# AIM OF THE EXERCISE
Could you copy every line of the data that contains "Import"?

# MATERIAL FOR THIS EXERCISE
(* Let $K$ be a spherically complete valued field and $d\ge 1$. Then every nested family $\{C_i\}_{i\in I}$ of nonempty convex subsets of $K^d$ (i.e. for all $i,j$, $C_i\subseteq C_j$ or $C_j\subseteq C_i$) has nonempty intersection.
   Context: $K$ is a field with valuation $\nu:K\to\Gamma\cup\{\infty\}$, valuation ring $\mathcal{O}$. A ball in $K$ is a set $\{x:\nu(x-c)\ge r\}$ or $\{x:\nu(x-c)>r\}$ with $c\in K$, $r\in\Gamma$. $K$ is spherically complete if every nested family of balls in $K$ has nonempty intersection. A set $X\subseteq K^d$ is convex if it is closed under combinations $\sum_{i=1}^n\alpha_ix_i$ with $x_i\in X$, $\alpha_i\in\mathcal{O}$, $\sum\alpha_i=1$. *)

From mathcomp Require Import all_boot all_order all_algebra.
Set Implicit Arguments. Unset Strict Implicit. Unset Printing Implicit Defensive.
Import GRing.Theory.
Local Open Scope ring_scope.

(* The value group Gamma is a Z-module with an explicit order relation [le];
   the value infinity is represented by [None] in [option Gamma]. *)
Section Valued.
Variables (K : fieldType) (G : zmodType) (le : rel G) (nu : K -> option G).

Definition ole (a b : option G) : bool :=
  match a, b with
  | _, None => true
  | None, Some _ => false
  | Some x, Some y => le x y
  end.
Definition olt (a b : option G) : bool := ole a b && ~~ ole b a.

Definition oadd (a b : option G) : option G :=
  match a, b with
  | Some x, Some y => Some (x + y)
  | _, _ => None
  end.

Record is_valuation : Prop := {
  le_refl : forall a, le a a;
  le_anti : forall a b, le a b -> le b a -> a = b;
  le_trans : forall a b c, le a b -> le b c -> le a c;
  le_total : forall a b, le a b || le b a;
  le_add : forall a b c, le a b -> le (a + c) (b + c);
  nu_inf : forall x, nu x = None <-> x = 0;
  nu_mul : forall x y, nu (x * y) = oadd (nu x) (nu y);
  nu_add : forall x y, ole (nu x) (nu (x + y)) || ole (nu y) (nu (x + y));
  nu_surj : forall g : G, exists x, nu x = Some g
}.

Definition in_O (a : K) : Prop := ole (Some 0) (nu a).

Definition closed_ball (c : K) (r : G) : K -> Prop :=
  fun x => ole (Some r) (nu (x - c)).
Definition open_ball (c : K) (r : G) : K -> Prop :=
  fun x => olt (Some r) (nu (x - c)).
Definition is_ball (B : K -> Prop) : Prop :=
  exists (c : K) (r : G),
    (forall x, B x <-> closed_ball c r x) \/ (forall x, B x <-> open_ball c r x).

Definition subset_of {T : Type} (A B : T -> Prop) : Prop := forall x, A x -> B x.

Definition nested {I T : Type} (F : I -> T -> Prop) : Prop :=
  forall i j, subset_of (F i) (F j) \/ subset_of (F j) (F i).

Definition spherically_complete : Prop :=
  forall (I : Type) (B : I -> K -> Prop),
    (forall i, is_ball (B i)) -> nested B -> exists x, forall i, B i x.

Definition convex (d : nat) (X : 'rV[K]_d -> Prop) : Prop :=
  forall (n : nat) (x : 'I_n -> 'rV[K]_d) (alpha : 'I_n -> K),
    (forall i, X (x i)) -> (forall i, in_O (alpha i)) ->
    \sum_(i < n) alpha i = 1 ->
    X (\sum_(i < n) alpha i *: x i).

End Valued.

From mathcomp Require Import all_boot all_order all_algebra ring.
From Stdlib Require Import Classical.
Set Implicit Arguments. Unset Strict Implicit. Unset Printing Implicit Defensive.
Import GRing.Theory.
Local Open Scope ring_scope.

(* Call P ⊆ K segment-closed if x + a(y - x) ∈ P whenever
   x, y ∈ P and a ∈ O.  For such P, with x ∈ P and g = ν(y - x):
   - if y ∈ P, the closed ball B(x, g) is contained in P;
   - if y ∉ P, then P is contained in B(x, g).
   Given a nested family (P_i) of nonempty segment-closed sets without a
   smallest member, every P_i strictly contains some P_j, and a point
   y ∈ P_i \ P_j together with x ∈ P_j yields a ball B(x, ν(y - x)) squeezed
   between P_j and P_i.  The balls containing some P_j form a nested family,
   so spherical completeness gives a point in all of them, hence in all P_i.

   A convex set of rows projects onto a segment-closed set of
   K along each coordinate, and its fibers over a coordinate value are again
   convex.  Fixing the coordinates one at a time with the one-dimensional
   result shrinks the family until all its points coincide. *)

Section Valuation.
Variables (K : fieldType) (G : zmodType) (le : rel G) (nu : K -> option G).
Hypothesis Hnu : is_valuation le nu.

Lemma ole_trans a b c : ole le a b -> ole le b c -> ole le a c.
Proof. by case: a => [a|]; case: b => [b|]; case: c => [c|] //=; apply: (le_trans Hnu). Qed.

Lemma le_addl_cancel g e : le g (e + g) -> le 0 e.
Proof. by move=> h; have := le_add Hnu (- g) h; rewrite subrr addrK. Qed.

Lemma nu1 : nu 1 = Some 0.
Proof.
have := nu_mul Hnu 1 1; rewrite mulr1.
case E: (nu 1) => [g|] /=; last by move: E => /(nu_inf Hnu) /eqP; rewrite oner_eq0.
move=> [] gg; have: g + g - g = g - g by rewrite -gg.
by rewrite addrK subrr => ->.
Qed.

Lemma nuN1 : nu (-1) = Some 0.
Proof.
have := nu_mul Hnu (-1) (-1); rewrite mulrNN mulr1 nu1.
case E: (nu (-1)) => [h|] /=; last first.
  by move: E => /(nu_inf Hnu) /eqP; rewrite oppr_eq0 oner_eq0.
move=> [] hh.
have le0h : le 0 h.
  case/orP: (le_total Hnu 0 h) => // hle.
  by have := le_add Hnu h hle; rewrite -hh add0r.
have := le_add Hnu h le0h; rewrite -hh add0r => leh0.
by rewrite (le_anti Hnu leh0 le0h).
Qed.

Lemma nuN x : nu (- x) = nu x.
Proof. by rewrite -mulN1r (nu_mul Hnu) nuN1; case: (nu x) => //= g; rewrite add0r. Qed.

Lemma nu_addr r a b : ole le r (nu a) -> ole le r (nu b) -> ole le r (nu (a + b)).
Proof.
by move=> ha hb; case/orP: (nu_add Hnu a b) => h; [apply: ole_trans ha h|apply: ole_trans hb h].
Qed.

Lemma in_O_1B a : in_O le nu a -> in_O le nu (1 - a).
Proof. by move=> ha; apply: nu_addr; rewrite ?nuN // nu1 /= (le_refl Hnu). Qed.

Lemma in_O_div u v g : v != 0 -> nu v = Some g -> ole le (Some g) (nu u) ->
  in_O le nu (u / v).
Proof.
move=> v0 hv; rewrite -{1}(divfK v0 u) (nu_mul Hnu) hv /in_O.
by case: (nu (u / v)) => //= e; apply: le_addl_cancel.
Qed.

Lemma closed_ball_sub c r c' r' w : le r r' ->
  closed_ball le nu c r w -> closed_ball le nu c' r' w ->
  subset_of (closed_ball le nu c' r') (closed_ball le nu c r).
Proof.
rewrite /closed_ball => hr hw hw' x hx.
have hr' : ole le (Some r) (Some r') by [].
have -> : x - c = (x - c') + ((c' - w) + (w - c)) by ring.
apply: nu_addr; first exact: ole_trans hr' hx.
by apply: nu_addr => //; rewrite -opprB nuN; apply: ole_trans hr' hw'.
Qed.

Lemma closed_ball_nested c r c' r' w :
  closed_ball le nu c r w -> closed_ball le nu c' r' w ->
  subset_of (closed_ball le nu c r) (closed_ball le nu c' r') \/
  subset_of (closed_ball le nu c' r') (closed_ball le nu c r).
Proof.
move=> h h'; case/orP: (le_total Hnu r r') => hr.
  by right; apply: closed_ball_sub hr h h'.
by left; apply: closed_ball_sub hr h' h.
Qed.

Definition segment_closed (P : K -> Prop) : Prop :=
  forall x y a, P x -> P y -> in_O le nu a -> P (x + a * (y - x)).

Lemma segment_closed_ball (P : K -> Prop) x y g : segment_closed P ->
  P x -> P y -> nu (y - x) = Some g -> subset_of (closed_ball le nu x g) P.
Proof.
move=> HP Px Py hg z hz.
have yx : y - x != 0 by apply/eqP => /(nu_inf Hnu); rewrite hg.
have -> : z = x + (z - x) / (y - x) * (y - x) by rewrite divfK // addrC subrK.
by apply: HP => //; apply: (in_O_div yx hg hz).
Qed.

Lemma segment_closed_in_ball (P : K -> Prop) x y g : segment_closed P ->
  P x -> ~ P y -> nu (y - x) = Some g -> subset_of P (closed_ball le nu x g).
Proof.
move=> HP Px nPy hg w Pw; rewrite /closed_ball.
case Ew: (nu (w - x)) => [g'|] //=.
case/orP: (le_total Hnu g g') => // lg'g; exfalso; apply: nPy.
have wx : w - x != 0 by apply/eqP => /(nu_inf Hnu); rewrite Ew.
have -> : y = x + (y - x) / (w - x) * (w - x) by rewrite divfK // addrC subrK.
by apply: HP => //; apply: (in_O_div wx Ew); rewrite hg.
Qed.

Hypothesis Hsc : spherically_complete le nu.

Theorem segment_closed_nested_meet (I : Type) (P : I -> K -> Prop) :
  (forall i, exists x, P i x) -> (forall i, segment_closed (P i)) -> nested P ->
  exists z, forall i, P i z.
Proof.
move=> Hne Hseg Hnest.
case: (classic (exists i0, forall i, subset_of (P i0) (P i))) => [[i0 Hi0]|Hno].
  by case: (Hne i0) => z hz; exists z => i; apply: Hi0.
have Hshrink i : exists j y, subset_of (P j) (P i) /\ P i y /\ ~ P j y.
  apply: NNPP => Hn; apply: Hno; exists i => j.
  case: (Hnest i j) => // Hji y Py; apply: NNPP => nPy; apply: Hn.
  by exists j, y.
pose J := {cr : K * G | exists i, subset_of (P i) (closed_ball le nu cr.1 cr.2)}.
have [||z Hz] := Hsc (B := fun j : J => closed_ball le nu (sval j).1 (sval j).2).
- by move=> j; exists (sval j).1, (sval j).2; left.
- move=> [[c r] [i Hi]] [[c' r'] [i' Hi']] /=.
  case: (Hnest i i') => Hs.
    have [w Pw] := Hne i.
    by apply: (closed_ball_nested (w := w)); [apply: Hi|apply: Hi' (Hs _ Pw)].
  have [w Pw] := Hne i'.
  by apply: (closed_ball_nested (w := w)); [apply: Hi (Hs _ Pw)|apply: Hi'].
exists z => i.
have [j [y [Hji [Py nPy]]]] := Hshrink i; have [x Px] := Hne j.
case E: (nu (y - x)) => [g|]; last first.
  by move: E => /(nu_inf Hnu) /eqP; rewrite subr_eq0 => /eqP yx; rewrite yx in nPy.
have Pj_ball := segment_closed_in_ball (Hseg j) Px nPy E.
apply: (segment_closed_ball (Hseg i) (Hji _ Px) Py E).
exact: (Hz (exist _ (x, g) (ex_intro _ j Pj_ball))).
Qed.

Section Rows.
Variable d : nat.

Lemma convex_segment (X : 'rV[K]_d -> Prop) x y a : convex le nu X ->
  X x -> X y -> in_O le nu a -> X (x + a *: (y - x)).
Proof.
move=> HX hx hy ha.
have -> : x + a *: (y - x) = (1 - a) *: x + a *: y.
  by rewrite scalerBr scalerBl scale1r addrA addrAC.
have := HX 2%N (fun i => if val i == 0%N then x else y)
  (fun i => if val i == 0%N then 1 - a else a).
rewrite !big_ord_recr !big_ord0 /= !add0r; apply.
- by case=> [[|[|m]] ?].
- by case=> [[|[|m]] ?] //=; apply: in_O_1B.
- by rewrite subrK.
Qed.

Definition coord_image (X : 'rV[K]_d -> Prop) (j : 'I_d) : K -> Prop :=
  fun s => exists x, X x /\ x ord0 j = s.

Lemma coord_image_segment_closed X j : convex le nu X ->
  segment_closed (coord_image X j).
Proof.
move=> HX s1 s2 a [x1 [h1 <-]] [x2 [h2 <-]] ha.
by exists (x1 + a *: (x2 - x1)); split; [apply: convex_segment|rewrite !mxE].
Qed.

Lemma convex_fiber (X : 'rV[K]_d -> Prop) (j : 'I_d) t : convex le nu X ->
  convex le nu (fun x : 'rV[K]_d => X x /\ x ord0 j = t).
Proof.
move=> HX n x al hx ha hs; split; first by apply: HX => // i; case: (hx i).
rewrite summxE.
under eq_bigr => k _ do rewrite mxE (proj2 (hx k)).
by rewrite -big_distrl /= hs mul1r.
Qed.

(* Induction on n: if the points of the family already agree on all
   coordinates j ≥ n, fixing coordinate n - 1 by the one-dimensional case
   reduces to agreement on coordinates j ≥ n - 1. *)
Lemma nested_convex_meet_agree (n : nat) (I : Type) (C : I -> 'rV[K]_d -> Prop) :
  (forall i, exists x, C i x) -> (forall i, convex le nu (C i)) -> nested C ->
  (forall i i' x y (j : 'I_d), (n <= j)%N -> C i x -> C i' y -> x ord0 j = y ord0 j) ->
  exists x, forall i, C i x.
Proof.
elim: n I C => [|n IH] I C Hne Hconv Hnest Hagree.
  case: (classic (exists i : I, True)) => [[i0 _]|nI]; last first.
    by exists 0 => i; exfalso; apply: nI; exists i.
  have [x0 hx0] := Hne i0; exists x0 => i; have [y hy] := Hne i.
  by have -> : x0 = y by apply/rowP => j; apply: (Hagree i0 i).
case: (ltnP n d) => hn; last first.
  apply: IH => // i i' x y j hj; apply: Hagree.
  by have := ltn_ord j; rewrite ltnNge (leq_trans hn hj).
pose j := Ordinal hn.
have [t Ht] : exists t, forall i, coord_image (C i) j t.
  apply: segment_closed_nested_meet.
  - by move=> i; have [x hx] := Hne i; exists (x ord0 j), x.
  - by move=> i; apply: coord_image_segment_closed.
  - by move=> i i'; case: (Hnest i i') => Hs; [left|right];
      move=> s [x [hx <-]]; exists x; split => //; apply: Hs.
have [x Hx] : exists x, forall i, C i x /\ x ord0 j = t.
  apply: (IH I (fun i x => C i x /\ x ord0 j = t)).
  - by move=> i; have [x hx] := Ht i; exists x.
  - by move=> i; apply: convex_fiber.
  - by move=> i i'; case: (Hnest i i') => Hs; [left|right];
      move=> x [hx hxt]; split => //; apply: Hs.
  - move=> i i' x y k hk [hx hxt] [hy hyt].
    case: (eqVneq (val k) n) => hkn.
      have -> : k = j by apply: val_inj.
      by rewrite hxt hyt.
    by apply: (Hagree i i'); rewrite // ltn_neqAle eq_sym hkn hk.
by exists x => i; case: (Hx i).
Qed.

End Rows.
End Valuation.

Theorem lemma3p4 (K : fieldType) (G : zmodType) (le : rel G) (nu : K -> option G)
  (Hnu : is_valuation le nu) (Hsc : spherically_complete le nu)
  (d : nat) (Hd : (1 <= d)%N)
  (I : Type) (C : I -> 'rV[K]_d -> Prop)
  (Hne : forall i, exists x, C i x)
  (Hconv : forall i, convex le nu (C i))
  (Hnest : nested C) :
  exists x, forall i, C i x.
Proof.
(* agreement on the coordinates j ≥ d holds vacuously *)
apply: (nested_convex_meet_agree Hnu Hsc (n := d)) => // i i' x y j hj.
by have := ltn_ord j; rewrite ltnNge hj.
Qed.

# ANSWER SPACE
From mathcomp Require Import all_boot all_order all_algebra.
Import GRing.Theory.
From mathcomp Require Import all_boot all_order all_algebra ring.
From Stdlib Require Import Classical.
Import GRing.Theory.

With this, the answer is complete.